A teen-vocab primer for grownups
So much of August revolves around prepping for school. Kids are (hopefully) making sure they’ve read their summer-reading books, finishing up math packets and gathering school supplies. They’re getting school clothes and uniforms together, and they’re poking around trying to figure out which friends will be in which classes.
Parents play a role in all of that: We nudge the process along, we try to keep it all organized, and we pay. But how are we getting ourselves ready for school?
Over the summer, there was a lot of talk about “glow-ups” in our house. I had no idea what a glow-up might be until I was informed, after a few head shakes indicating something like, “How can you be so dumb?”, that a glow-up is a person on the way up (of course). Like a boy who has braces now and might be a little awkward but is going to be really cute when the braces come off over the summer. He’s glowing-up.

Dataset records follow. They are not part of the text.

(* Let $\Bbbk$ be a unital ring and $n,r$ positive integers. Let $\Lambda$ be a set-partition of $\{1,\dots,r\}$ and $\Lambda'$ a set-partition of $\{1,\dots,r+1\}$, each with at most $n$ parts. Then (a) $\mathbf V(\Lambda)\cong H_n(\ell(\Lambda))$ as left $\Bbbk W_n$-modules; (b) $\mathbf V'(\Lambda')\cong H_{n-1}(\ell(\Lambda')-1)$ as left $\Bbbk W_{n-1}$-modules.
   Context: $\mathbf V$ is a free $\Bbbk$-module with basis $\mathbf v_1,\dots,\mathbf v_n$; $W_n$ (symmetric group on $\{1,\dots,n\}$) acts on tensor powers by $w(\mathbf v_{j_1}\otimes\cdots\otimes\mathbf v_{j_m})=\mathbf v_{w(j_1)}\otimes\cdots\otimes\mathbf v_{w(j_m)}$, and $W_{n-1}=\{w:w(n)=n\}$ is identified with the symmetric group on $\{1,\dots,n-1\}$. The value-type of $(i_1,\dots,i_m)$ is the set-partition of $\{1,\dots,m\}$ with parts the nonempty sets $\{\alpha:i_\alpha=j\}$; $\ell$ denotes number of parts. $\mathbf V(\Lambda)\subseteq\mathbf V^{\otimes r}$ is spanned by simple tensors $\mathbf v_{i_1}\otimes\cdots\otimes\mathbf v_{i_r}$ of value-type $\Lambda$; $\mathbf V'(\Lambda')$ is spanned by $\mathbf v_{i_1}\otimes\cdots\otimes\mathbf v_{i_r}\otimes\mathbf v_n$ with $(i_1,\dots,i_r,n)$ of value-type $\Lambda'$. For $1\le l\le m$, $H_m(l)$ is the $\Bbbk W_m$-submodule of $\mathbf V_m^{\otimes l}$ (where $\mathbf V_m$ is free with basis $\mathbf v_1,\dots,\mathbf v_m$) generated by $\mathbf v_{m-l+1}\otimes\cdots\otimes\mathbf v_m$; $H_m(0)=\mathbf V_m^{\otimes 0}=\Bbbk$ with trivial action. *)

From HB Require Import structures.
From mathcomp Require Import all_boot all_order all_fingroup all_algebra.
Set Implicit Arguments. Unset Strict Implicit. Unset Printing Implicit Defensive.
Import GRing.Theory.
Local Open Scope ring_scope.

(* Conventions: indices are 0-based, {1..n} is 'I_n, v_j is index j-1.
   The tensor power V_n^{(x)m} (free k-module on basis v_{j_1}(x)...(x)v_{j_m})
   is modelled as the coefficient functions {ffun {ffun 'I_m -> 'I_n} -> k};
   the basis tensor indexed by t : {ffun 'I_m -> 'I_n} is [basis t]. *)
Definition tens (k : pzRingType) (m n : nat) := {ffun {ffun 'I_m -> 'I_n} -> k}.

Definition basisv (k : pzRingType) (m n : nat) (t : {ffun 'I_m -> 'I_n}) : tens k m n :=
  [ffun s => (s == t)%:R].

Definition tadd (k : pzRingType) m n (x y : tens k m n) : tens k m n :=
  [ffun s => x s + y s].
Definition tscale (k : pzRingType) m n (c : k) (x : tens k m n) : tens k m n :=
  [ffun s => c * x s].

Definition tsub (k : pzRingType) m n (f : 'I_n -> 'I_n) (x : tens k m n) : tens k m n :=
  [ffun t : {ffun 'I_m -> 'I_n} => x [ffun a => f (t a)]].

(* action of w in W_n: w (v_{j_1} (x) ... ) = v_{w j_1} (x) ...,
   i.e. (w . x)(t) = x (w^-1 o t) *)
Definition Wact (k : pzRingType) m n (w : {perm 'I_n}) (x : tens k m n) : tens k m n :=
  tsub (w^-1)%g x.

(* W_{n-1} (n = m.+1) = {w | w(n) = n} identified with the permutations of
   {1..n-1}: sigma is sent to lift_perm ord_max ord_max sigma. *)
Definition Wact' (k : pzRingType) q m (s : {perm 'I_m}) (x : tens k q m.+1) : tens k q m.+1 :=
  Wact (lift_perm ord_max ord_max s) x.

Definition valtype m n (t : {ffun 'I_m -> 'I_n}) : {set {set 'I_m}} :=
  [set [set a | t a == j] | j : 'I_n] :\ set0.

(* V(Lambda): span of simple tensors of value-type Lambda *)
Definition Vmod (k : pzRingType) n r (L : {set {set 'I_r}}) (x : tens k r n) : Prop :=
  forall t, x t != 0 -> valtype t = L.

(* V'(Lambda'): span of v_{i_1} (x) ... (x) v_{i_r} (x) v_n with
   (i_1,...,i_r,n) of value-type Lambda'  (here n = m.+1, v_n = ord_max) *)
Definition Vmod' (k : pzRingType) m r (L : {set {set 'I_r.+1}}) (x : tens k r.+1 m.+1) : Prop :=
  forall t, x t != 0 -> t ord_max = ord_max /\ valtype t = L.

(* the generator v_{m-l+1} (x) ... (x) v_m  (0-based: position i has index m-l+i) *)
Definition Hgen m l (g : {ffun 'I_l -> 'I_m}) : Prop :=
  forall i : 'I_l, val (g i) = (m - l + i)%N.

(* H_m(l): the kW_m-submodule of V_m^{(x)l} generated by the generator,
   i.e. the set of all (sum_w c_w w) . gen.  For l = 0, V_m^{(x)0} = k with
   trivial action and this is all of k. *)
Definition Hmod (k : pzRingType) m l (x : tens k l m) : Prop :=
  exists g, Hgen g /\
  exists c : {perm 'I_m} -> k,
    x = [ffun s => \sum_(w : {perm 'I_m}) c w * Wact w (basisv k g) s].

Definition kG_iso (k : pzRingType) (G : Type) m1 n1 m2 n2
  (a1 : G -> tens k m1 n1 -> tens k m1 n1) (a2 : G -> tens k m2 n2 -> tens k m2 n2)
  (M1 : tens k m1 n1 -> Prop) (M2 : tens k m2 n2 -> Prop) : Prop :=
  exists phi : tens k m1 n1 -> tens k m2 n2,
  [/\ (forall x, M1 x -> M2 (phi x)),
      (forall x y, M1 x -> M1 y -> phi x = phi y -> x = y),
      (forall y, M2 y -> exists2 x, M1 x & phi x = y)
    & (forall x y, M1 x -> M1 y -> phi (tadd x y) = tadd (phi x) (phi y)) /\
      (forall c x, M1 x -> phi (tscale c x) = tscale c (phi x)) /\
      (forall g x, M1 x -> phi (a1 g x) = a2 g (phi x))].

(* Both sides are permutation modules on injective tuples.  A tuple has value-type [L] iff
   it factors as [h \o idx], where [idx] labels the blocks of [L] by [0..l-1] and
   [h : 'I_l -> 'I_n] is injective; [W_n] acts through [h].  Since [W_n] is transitive on
   injective [l]-tuples, [H_n(l)] is the span of all injective tuples.  Transporting
   coefficients along [h |-> h \o idx] is then a [kW_n]-isomorphism.  For (b), label the
   block of [r+1] by [l] and extend [s : 'I_(l-1) -> 'I_(n-1)] by [l |-> n]; this
   intertwines [W_(n-1)] with its image in [W_n]. *)

From HB Require Import structures.
From mathcomp Require Import all_boot all_order all_fingroup all_algebra.
From mathcomp Require Import primitive_action alt zify.
Set Implicit Arguments. Unset Strict Implicit. Unset Printing Implicit Defensive.
Import GRing.Theory.
Local Open Scope ring_scope.

Definition supported (T : finType) (k : pzRingType) (A : T -> Prop) (x : {ffun T -> k})
    : Prop :=
  forall t, x t != 0 -> A t.

Lemma kG_iso_congr_r (k : pzRingType) (G : Type) m1 n1 m2 n2
    (a1 : G -> tens k m1 n1 -> tens k m1 n1) (a2 : G -> tens k m2 n2 -> tens k m2 n2)
    (M1 : tens k m1 n1 -> Prop) (M2 M2' : tens k m2 n2 -> Prop) :
  (forall y, M2 y <-> M2' y) -> kG_iso a1 a2 M1 M2 -> kG_iso a1 a2 M1 M2'.
Proof.
move=> M2E [phi [phiM inj onto hom]]; exists phi; split=> //.
- by move=> x /phiM/M2E.
- by move=> y /M2E/onto.
Qed.

Lemma kG_iso_supported (k : pzRingType) (G : Type) m1 n1 m2 n2
    (a1 : G -> tens k m1 n1 -> tens k m1 n1) (a2 : G -> tens k m2 n2 -> tens k m2 n2)
    (u : G -> {ffun 'I_m1 -> 'I_n1} -> {ffun 'I_m1 -> 'I_n1})
    (v : G -> {ffun 'I_m2 -> 'I_n2} -> {ffun 'I_m2 -> 'I_n2})
    (A : {ffun 'I_m1 -> 'I_n1} -> Prop) (B : pred {ffun 'I_m2 -> 'I_n2})
    (f : {ffun 'I_m2 -> 'I_n2} -> {ffun 'I_m1 -> 'I_n1}) :
    (forall g x t, a1 g x t = x (u g t)) ->
    (forall g y s, a2 g y s = y (v g s)) ->
    {in B, forall s, A (f s)} -> {in B &, injective f} ->
    (forall t, A t -> exists2 s, B s & f s = t) ->
    (forall g s, B (v g s) = B s) ->
    (forall g, {in B, forall s, f (v g s) = u g (f s)}) ->
  kG_iso a1 a2 (supported A) (supported B).
Proof.
move=> a1E a2E fA f_inj f_onto vB fv.
pose phi (x : tens k m1 n1) : tens k m2 n2 := [ffun s => if B s then x (f s) else 0].
have phiE x s : phi x s = if B s then x (f s) else 0 by rewrite ffunE.
exists phi; split.
- by move=> x _ s; rewrite phiE; case: (B s); rewrite ?eqxx.
- move=> x y Ax Ay /ffunP phi_xy; apply/ffunP => t.
  have eq_on_A : A t -> x t = y t.
    by case/f_onto=> s Bs <-; have := phi_xy s; rewrite !phiE Bs.
  have [x0 | /Ax/eq_on_A //] := eqVneq (x t) 0.
  by have [y0 | /Ay/eq_on_A //] := eqVneq (y t) 0; rewrite x0 y0.
- move=> y By.
  pose x : tens k m1 n1 :=
    [ffun t => if [pick s | B s && (f s == t)] is Some s then y s else 0].
  exists x => [t|].
    rewrite ffunE; case: pickP => [s /andP [Bs /eqP <-] _ | _]; first exact: fA.
    by rewrite eqxx.
  apply/ffunP => s; rewrite phiE ffunE; case Bs: (B s).
    case: pickP => [s' /andP [Bs' /eqP /f_inj -> //] | /(_ s)].
    by rewrite Bs eqxx.
  by apply/esym/eqP; apply: contraFT Bs => /By.
- split; [|split].
  + move=> x y _ _; apply/ffunP => s.
    by rewrite !(ffunE, phiE); case: (B s); rewrite ?addr0.
  + move=> c x _; apply/ffunP => s.
    by rewrite !(ffunE, phiE); case: (B s); rewrite ?mulr0.
  + move=> g x _; apply/ffunP => s.
    by rewrite a2E !phiE a1E vB; case Bs: (B s); rewrite ?fv.
Qed.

This conversation wasn’t the only one requiring translation. My mom said something was “hip” and was immediately told that using the word “hip” was very unhip. “So what am I supposed to say?” my mom asked. “Fire,” according to the younger crew.
All this talk made me realize that parents and grandparents – and anyone else wanting a little respect from the younger set – might need a vocab primer. Because we want the school year to be fire, too.
Awk – Short for awkward, which describes anything that is slightly off or uncomfortable.
Big oof – An exclamation used upon making a faux pas; “That test was a big oof.”
Cappin’ – Lying; see no cap below for the antonym.
Clapback – A comeback; if someone threw shade (see below) at you, and you turn around and throw shade back at them, that’s a clapback.
Doin’ the most – A response to being told, “That’s so extra (see below),” might be, “Oh wow, you’re doin’ the most.”
Extra – Over-the-top, as in, “The English poster I spent five hours on is so extra.”
Fire – Descriptor for something really great; “That party was fire.”
Glow-up – When a person goes through a phase of being awk (see above) and comes out looking really good.
Goals – Something you aspire to; my teenage daughter defined this one simply as, “Jennifer Aniston.”
I’m down – Say this when you are in favor of something; “Do you want to go out Friday?” “Sure, I’d be down.”
I’m hip (not to be confused with the “hip” that no longer equals cool) – I’m aware; I’m down with that.
It be like that – When you get a bad grade on a test, your friend might tell you, “It be like that sometimes.”
Literally, I can’t – When you cannot deal with something; what you say when the test you’ve been studying for all night gets postponed.
Low key – Minimal; “I low key want some ice cream this afternoon.”
No cap – No lie; you are telling the truth.
Salty – Describes someone who is grumpy or mad; “I’m salty that we have a math test the day after Labor Day.”
Shook – When something makes a big impact or is surprising, you’re shook.
Spicy – Sassy; as in, “Your outfit is a little spicy.”
TBH – An acronym for To Be Honest.
Throwing shade – To insult someone without actually saying anything bad; when your teenager comes downstairs and you’re less than happy with their outfit, if you said, “Well look at you…” you would be throwing shade.
Throwing mad shade – Being super insulting, i.e. throwing a whole lot of shade, as in, “Well look at that dress. Bless your heart.”
Weak – This one has a double meaning: It can mean you’ve laughed so hard that you have become weak in the knees, or it can mean that something is displeasing, as in, “Do you want to go to McDonald’s or Whataburger?” “McDonald’s is weak; let’s go to Whataburger.”
Yeet – A sound effect used when throwing something, or to leave, as in, “When do you want to yeet?”
Let’s put it all together so that nobody seems awk by not knowing what the kids are saying. A few helpful starter phrases to memorize:
Do you low key want to go to the movies? I’d be down.
Did you see the new episode of The Bachelorette? There was so much drama, I’m shook. Literally, I can’t.
Janie was so awk last year, but she had a glow-up, and now she’s really spicy.
Wishing everyone a school year that’s fire. Good luck with the lingo.
And expect it to change in, oh, the next five minutes.